Re: how do I clean and polish a lathe bed


Just for cleaning off grease, walmart purple power works well

Typos are courtesy of autocorrect.

From: <> on behalf of glenn brooks <brooks.glenn@...>
Sent: Sunday, August 2, 2020 2:36:19 PM
To: <>
Subject: Re: [SouthBendLathe] how do I clean and polish a lathe bed
I use Safeway “Spray and Wash” in green squirt bottles. These new household ecological friendly formulations are the best ever for removing dried machine oils.  Spray it on, let soak for a few minutes. Scrub, scrape off. Repeat a couple of times if necessary.  It’s very mild on exposed skin and doesn’t strip the finish.

So, No need to strip the original paint in order to just clean it up. 

I cleaned up and repainted an old 18” x8’ Cincinnati tray top lathe in Hawaii last year that ran in the Doyle Pineapple cannery in Honolulu for 60 years, using a variety of solvents. Turned out thenSpray and Wash treatment was the best to cut through the accumulation of 60 years accumulation of oil, swarf and dirt. 


On Aug 2, 2020, at 11:22 AM, Andrei <calciu1@...> wrote:

I have had decent results with the safe stripper from home depot. It cleaned some old south bend parts to the metal with only 2 applications. Left it overnight, wrapped tightly in a garbage bag so it did not dry out. Overkill?
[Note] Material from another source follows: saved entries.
(* Let $P\in\mathbb{R}_+^{n\times n}$ be sub-stochastic, $w\in\mathbb{R}^n_+$, $c\in\mathbb{R}^n$, and let $\mathcal X=\{x\in\mathbb{R}^n:\,x=S_0^w(P'x+c)\}$. For $x\in\mathcal X$ define the partition $\mathcal V=\{1,\dots,n\}=\mathcal V^x_-\cup\mathcal V^x_0\cup\mathcal V^x_+$ by $\mathcal V^x_+=\{i:\,c_i+\sum_{k}P_{ki}x_k>w_i\}$, $\mathcal V^x_0=\{i:\,0\le c_i+\sum_kP_{ki}x_k\le w_i\}$, $\mathcal V^x_-=\{i:\,c_i+\sum_kP_{ki}x_k<0\}$. Then this partition is the same for all equilibria $x\in\mathcal X$.
   Context: $P$ sub-stochastic means $P$ nonnegative with $P\mathbbm{1}\le\mathbbm{1}$ (stochastic matrices included). $(S_0^w(x))_i=\min\{\max\{x_i,0\},w_i\}$; $P'$ is the transpose. *)

From mathcomp Require Import all_boot all_order all_algebra.
From mathcomp Require Import reals.
Set Implicit Arguments. Unset Strict Implicit. Unset Printing Implicit Defensive.
Import Order.TTheory GRing.Theory Num.Theory.
Local Open Scope ring_scope.

Definition substochastic (R : realType) (n : nat) (P : 'M[R]_n) : Prop :=
  (forall i j, 0 <= P i j) /\ (forall i, \sum_(j < n) P i j <= 1).

Definition S0 (R : realType) (n : nat) (w y : 'cV[R]_n) : 'cV[R]_n :=
  \col_i Num.min (Num.max (y i 0) 0) (w i 0).

Definition preact (R : realType) (n : nat) (P : 'M[R]_n) (c x : 'cV[R]_n)
  : 'cV[R]_n := P^T *m x + c.

Definition equilibrium (R : realType) (n : nat) (P : 'M[R]_n) (w c x : 'cV[R]_n)
  : Prop := x = S0 w (preact P c x).

Definition Vplus (R : realType) (n : nat) (P : 'M[R]_n) (w c x : 'cV[R]_n)
  : {set 'I_n} := [set i | preact P c x i 0 > w i 0].
Definition Vzero (R : realType) (n : nat) (P : 'M[R]_n) (w c x : 'cV[R]_n)
  : {set 'I_n} := [set i | (0 <= preact P c x i 0) && (preact P c x i 0 <= w i 0)].
Definition Vminus (R : realType) (n : nat) (P : 'M[R]_n) (w c x : 'cV[R]_n)
  : {set 'I_n} := [set i | preact P c x i 0 < 0].

From mathcomp Require Import all_boot all_order all_algebra.
From mathcomp Require Import reals.
From mathcomp Require Import lra.
Set Implicit Arguments. Unset Strict Implicit. Unset Printing Implicit Defensive.
Import Order.TTheory GRing.Theory Num.Theory.
Local Open Scope ring_scope.

(* The clipping map S_0^w is 1-Lipschitz in every coordinate and P' is a
   contraction for the l1 norm, so for two equilibria x, y
   sum_i |x_i - y_i| <= sum_i |(P'(x - y))_i| <= sum_i |x_i - y_i|: every
   coordinate of the clipping is an isometry on the pair of arguments
   (P'x + c)_i, (P'y + c)_i.  Clipping to [0, w_i] is isometric on a pair
   only when both points lie in the same region (< 0, in [0, w_i], > w_i).
   This needs no sign condition on w: for w_i < 0 the clipping is constant,
   hence isometric only on equal arguments. *)

Definition clip {R : realDomainType} (w a : R) := Num.min (Num.max a 0) w.

Ltac case_min_max_norm :=
  repeat match goal with
  | |- context [Num.max ?a ?b] => rewrite (maxEle a b); case: (lerP a b) => ?
  | |- context [Num.min ?a ?b] => rewrite (minEle a b); case: (lerP a b) => ?
  | |- context [`|?z|] =>
      case: (lerP 0 z) => ?; [rewrite (ger0_norm (x := z)) //
                             | rewrite (ltr0_norm (x := z)) //]
  end.

Section Clip.
Variables (R : realDomainType) (w : R).

Lemma clip_lipschitz (a b : R) : `|clip w a - clip w b| <= `|a - b|.
Proof. by rewrite /clip; case_min_max_norm; lra. Qed.

Lemma clip_isometry_same_region (a b : R) :
  `|clip w a - clip w b| = `|a - b| -> (a < 0) = (b < 0) /\ (w < a) = (w < b).
Proof.
rewrite /clip; case: (ltrP a 0) => ?; case: (ltrP b 0) => ?;
  case: (ltrP w a) => ?; case: (ltrP w b) => ?; case_min_max_norm; lra.
Qed.

End Clip.

Lemma ler_sum_eq (I : finType) (R : numDomainType) (F G : I -> R) :
  (forall i, F i <= G i) -> \sum_i G i <= \sum_i F i -> forall i, F i = G i.
Proof.
move=> leFG leGF i; apply/eqP; rewrite eq_sym -subr_eq0; apply/eqP.
apply: (psumr_eq0P (P := predT) (F := fun j => G j - F j)) => // [j _|].
  by rewrite subr_ge0.
by apply/eqP; rewrite eq_le sumrB subr_le0 leGF subr_ge0 ler_sum.
Qed.

Lemma substochastic_trmx_l1_contraction (R : realType) (n : nat)
    (P : 'M[R]_n) (z : 'cV[R]_n) :
  substochastic P -> \sum_i `|(P^T *m z) i 0| <= \sum_i `|z i 0|.
Proof.
case=> P_ge0 P_rows.
apply: (@le_trans _ _ (\sum_i \sum_k P k i * `|z k 0|)).
  apply: ler_sum => i _; rewrite mxE; apply: (le_trans (ler_norm_sum _ _ _)).
  by apply: ler_sum => k _; rewrite mxE normrM ger0_norm.
rewrite exchange_big /=; apply: ler_sum => k _.
by rewrite -mulr_suml ler_piMl.
Qed.

Lemma preactB (R : realType) (n : nat) (P : 'M[R]_n) (c x y : 'cV[R]_n) :
  preact P c x - preact P c y = P^T *m (x - y).
Proof. by rewrite /preact mulmxBr opprD addrACA subrr addr0. Qed.

Lemma equilibriumE (R : realType) (n : nat) (P : 'M[R]_n) (w c x : 'cV[R]_n) :
  equilibrium P w c x -> forall i, x i 0 = clip (w i 0) (preact P c x i 0).
Proof. by move=> {1}-> i; rewrite mxE. Qed.

Lemma equilibria_clip_isometry (R : realType) (n : nat) (P : 'M[R]_n)
    (w c x y : 'cV[R]_n) :
  substochastic P -> equilibrium P w c x -> equilibrium P w c y ->
  forall i, `|x i 0 - y i 0| = `|preact P c x i 0 - preact P c y i 0|.
Proof.
move=> hP hx hy; apply: ler_sum_eq => [i|].
  by rewrite (equilibriumE hx i) (equilibriumE hy i) clip_lipschitz.
have := substochastic_trmx_l1_contraction (x - y) hP; rewrite -(preactB P c).
(* Generalized so that [mxE] cannot unfold [preact]. *)
move: (preact P c x) (preact P c y) => u v.
by under eq_bigr do rewrite !mxE; under [X in _ <= X -> _]eq_bigr do rewrite !mxE.
Qed.

Theorem proposition2 (R : realType) (n : nat) (P : 'M[R]_n) (w c : 'cV[R]_n)
  (hP : substochastic P) (hw : forall i, 0 <= w i 0)
  (x y : 'cV[R]_n) (hx : equilibrium P w c x) (hy : equilibrium P w c y) :
  [/\ Vminus P w c x = Vminus P w c y,
      Vzero P w c x = Vzero P w c y &
      Vplus P w c x = Vplus P w c y].
Proof.
have same_region i :
    (preact P c x i 0 < 0) = (preact P c y i 0 < 0) /\
    (w i 0 < preact P c x i 0) = (w i 0 < preact P c y i 0).
  apply: clip_isometry_same_region.
  rewrite -(equilibriumE hx i) -(equilibriumE hy i).
  by rewrite (equilibria_clip_isometry hP hx hy).
split; apply/setP => i; rewrite !inE; have [neg pos] := same_region i => //.
by rewrite !leNgt neg pos.
Qed.
Lemma bands_of_alternating (D : {poly R}) p y : (size D <= p.+1)%N ->
  alternating (fun E => D.[E] ^+ 2 - 4) y p.*2 ->
  exists l r : nat -> R,
    [/\ forall j, (j < p)%N -> l j < r j,
        forall j, (j.+1 < p)%N -> r j < l j.+1
      & forall E, (-2 < D.[E] < 2) <-> exists2 j, (j < p)%N & l j < E < r j].
Proof.
move=> sD [yinc ysign]; pose Q := D * D - 4%:P.
have QE E : Q.[E] = D.[E] ^+ 2 - 4 by rewrite /Q !hornerE expr2.
have sQ : (size Q <= p.*2.+1)%N.
  rewrite (leq_trans (size_polyD _ _)) // geq_max size_polyN size_polyC.
  rewrite (leq_trans (size_polyMleq _ _)) ?(leq_trans (leq_b1 _)) //.
  by rewrite -subn1 -addnn; lia.
have Qalt : alternating (horner Q) y p.*2 by split => // k kp; rewrite QE ysign.
have [rho [rinc rroot rsign] _] := alternating_roots sQ Qalt.
exists (fun i => rho i.*2), (fun i => rho i.*2.+1); split.
- by move=> j jp; apply: rinc; rewrite ltn_predRL -doubleS leq_double.
- by move=> j jp; rewrite doubleS; apply: rinc; rewrite ltn_predRL -doubleS ltn_double.
move=> E; rewrite -ltr_norml -sqr_lt4 -subr_lt0 -QE; split => [QE0|[i ip gapE]].
  have [j jp gapE] : exists2 j, (j <= p.*2)%N & in_gap rho p.*2 j E.
    apply: in_gap_cover => k kp; apply: contraTneq QE0 => ->.
    by rewrite (rootP (rroot k kp)) ltxx.
  have := rsign j E jp gapE; rewrite signr_double_sub // -signr_odd.
  have := odd_double_half j; case: (odd j) => /= jE; last first.
    by rewrite expr0 mul1r ltNge (ltW QE0).
  move=> _; set i := j./2; have ip : (i < p)%N by rewrite -ltn_double; lia.
  exists i => //; move: gapE; rewrite -jE add1n /in_gap /= => /andP[-> /implyP].
  by apply; rewrite -doubleS leq_double.
have gapE' : in_gap rho p.*2 i.*2.+1 E by rewrite /in_gap /= -doubleS leq_double ip.
have ip2 : (i.*2.+1 <= p.*2)%N by rewrite ltn_double.
have := rsign _ E ip2 gapE'.
by rewrite signr_double_sub // -signr_odd /= odd_double expr1 mulN1r oppr_gt0.
Qed.

End SignCharts.

Arguments signr_subS {R N k}.

(** * The monodromy of a Jacobi matrix with zero diagonal, as polynomials *)

Section MonodromyPolynomials.
Variable R : rcfType.

(* The entries ((pm00, pm01), (pm10, pm11)) of T_z(k) ... T_z(1) for the
   off-diagonal coefficients c, as polynomials in z. *)
Fixpoint pmono (c : nat -> R) k : ({poly R} * {poly R}) * ({poly R} * {poly R}) :=
  if k is k'.+1 then
    (((c k)^-1 *: ((pmono c k').1.1 * 'X - (pmono c k').2.1),
      (c k)^-1 *: ((pmono c k').1.2 * 'X - (pmono c k').2.2)),
     (c k *: (pmono c k').1.1, c k *: (pmono c k').1.2))
  else ((1, 0), (0, 1)).

Definition pm00 c k := (pmono c k).1.1.
Definition pm01 c k := (pmono c k).1.2.
Definition pm10 c k := (pmono c k).2.1.
Definition pm11 c k := (pmono c k).2.2.

Lemma pm00S c k : pm00 c k.+1 = (c k.+1)^-1 *: (pm00 c k * 'X - pm10 c k).
Proof. by []. Qed.
Lemma pm01S c k : pm01 c k.+1 = (c k.+1)^-1 *: (pm01 c k * 'X - pm11 c k).
Proof. by []. Qed.
Lemma pm10S c k : pm10 c k.+1 = c k.+1 *: pm00 c k. Proof. by []. Qed.
Lemma pm11S c k : pm11 c k.+1 = c k.+1 *: pm01 c k. Proof. by []. Qed.

Lemma eq_pmono c c' k : (forall i, (0 < i <= k)%N -> c i = c' i) -> pmono c k = pmono c' k.
Proof.
elim: k => // k IH cc' /=; rewrite IH ?cc' ?leqnn // => i /andP[i0 ik].
by rewrite cc' // i0 ltnW.
Qed.

Definition ptrace c k := pm00 c k + pm11 c k.

Lemma two_lt_add_div (a t : R) : 0 < a -> 0 < t -> a != t -> 2 < a / t + t / a.
Proof.
move=> a0 t0 neq_at; have -> : a / t + t / a = 2 + (a - t) ^+ 2 / (a * t).
  by field; rewrite !gt_eqF.
by rewrite ltrDl divr_gt0 ?exprn_even_gt0 ?mulr_gt0 // subr_eq0.
Qed.

Section PositiveCoefficients.
Variable c : nat -> R.
Hypothesis c_gt0 : forall i, 0 < c i.

Lemma size_pmono k :
  [/\ size (pm00 c k) = k.+1, 0 < lead_coef (pm00 c k), (size (pm01 c k) <= k)%N,
      (size (pm10 c k) <= k)%N & (size (pm11 c k) <= k.+1)%N].
Proof.
elim: k => [|k [s00 l00 s01 s10 s11]].
  by rewrite /pm00 /pm01 /pm10 /pm11 /= size_poly1 lead_coef1 ltr01 size_poly0.
have cV0 : (c k.+1)^-1 != 0 by rewrite invr_eq0 gt_eqF.
have sX00 : size (pm00 c k * 'X) = k.+2 by rewrite size_mulX -?size_poly_eq0 s00.
have sN10 : (size (- pm10 c k)%R < size (pm00 c k * 'X)%R)%N.
  by rewrite size_polyN sX00 ltnS (leq_trans s10).
split.
- by rewrite pm00S size_scale // size_polyDl.
- by rewrite pm00S lead_coefZ lead_coefDl // lead_coefMX mulr_gt0 // invr_gt0.
- rewrite pm01S (leq_trans (size_scale_leq _ _)) // (leq_trans (size_polyD _ _)) //.
  rewrite geq_max size_polyN s11 andbT (leq_trans (size_polyMleq _ _)) //.
  by rewrite size_polyX addn2.
- by rewrite pm10S (leq_trans (size_scale_leq _ _)) ?s00.
- by rewrite pm11S (leq_trans (size_scale_leq _ _)) // (leq_trans s01) // leqW.
Qed.

Lemma det_pmono k x : (pm00 c k).[x] * (pm11 c k).[x] - (pm01 c k).[x] * (pm10 c k).[x] = 1.
Proof.
elim: k => [|k IH]; first by rewrite /pm00 /pm01 /pm10 /pm11 /= !hornerE; ring.
have c0 : c k.+1 != 0 by rewrite gt_eqF.
rewrite pm00S pm01S pm10S pm11S !(hornerZ, hornerD, hornerN, hornerMX) -IH.
by field.
Qed.

(* Classical interlacing of the zeros of pm00 c m and pm00 c m.+1, carried
   along with the sign of pm10 c m = c m * pm00 c m.-1 at those zeros. *)
Lemma sign_chart_pm00 m : exists s, sign_chart (pm00 c m) s m /\
  forall i, (i < m)%N -> 0 < (-1) ^+ (m - i.+1) * (pm10 c m).[s i].
Proof.
elim: m => [|m [s [[sinc sroot ssign] s10]]].
  exists (fun=> 0); split => //; split => // j x; rewrite leqn0 => /eqP -> _.
  by rewrite /pm00 /= hornerC mul1r ltr01.
have [size00 lead00 _ _ _] := size_pmono m.+1.
have cm0 : c m.+1 != 0 by rewrite gt_eqF.
have sign00 i : (i < m)%N -> 0 < (-1) ^+ (m - i) * (pm00 c m.+1).[s i].
  move=> im; rewrite pm00S hornerZ hornerD hornerN hornerMX (rootP (sroot i im)).
  rewrite mul0r sub0r (signr_subS im) mulrN mulrNN mulrCA.
  by rewrite mulr_gt0 ?invr_gt0 ?s10.
have [y [yinc ysign ys]] := extend_alternating lead00 size00 sinc sign00.
have [s' chart' s'y] := alternating_roots (eq_leq size00) (conj yinc ysign).
exists s'; split => // j jm; rewrite subSS pm10S hornerZ mulrCA mulr_gt0 //.
apply: ssign => //; have /andP[ys' s'y'] := s'y j jm.
apply/andP; split; apply/implyP => j0.
  by rewrite -ys ?prednK ?(leq_ltn_trans (leq_pred j)).
by rewrite -ys.
Qed.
Dunno.

Typos are courtesy of autocorrect.

From: <> on behalf of Jim_B <jim@...>
Sent: Sunday, August 2, 2020 2:20:01 PM
To: <>
Subject: Re: [SouthBendLathe] how do I clean and polish a lathe bed
I do not recommend any sanding. 
These machines were painted with lead based paint. It could be very dangerous. You would need good respirators. 
Chemical or (my preference) electrolytic stripping is better. 
It’s hard to get old style strippers and some find the new “SAFE” strippers leave a lot to be desired. 
For large parts try oven cleaner as a stripper. Wear face mask and gloves. Also very good ventilation. 

Smaller sections use electrolytic stripping. Much safer. Google it. 
It uses washing soda. 
It removes rust oil grease and paint. 
Have a can of primer ready. The parts tend to rust instantly after cleaning. 

Jim B,

On Aug 2, 2020, at 1:55 PM, Dora Tamilta via <doratamilta@...> wrote:

Hi Matt
Got the Hendey off the trailer and into the garage, and have started to clean it up. Lets just say that it has a "fine patina" of old oil/grease, chips, and dirt on it. Seems to run ok, but not the cleanest thing around! Which brings me to my question; Whats the best way to clean up a dirty lathe?

Guessing a pressure washer would not be a good idea... I started off with some mineral spirits and an old brush. Was gonna use a rag, but all those chips make that seem like a bad idea on the hands. My "plan" is to do a couple mineral spirit wipedowns, then use a degreaser on the painted surfaces, sand and repaint as needed to get a decent finish - not gonna be a show piece, but I want it to look good and protect the metal...

As for the machined surfaces, was going to use scotchbrite to clean them up, then add a light coat of oil to protect them.

Once its clean, I'll flush and refill all the fluids, replace felts, etc.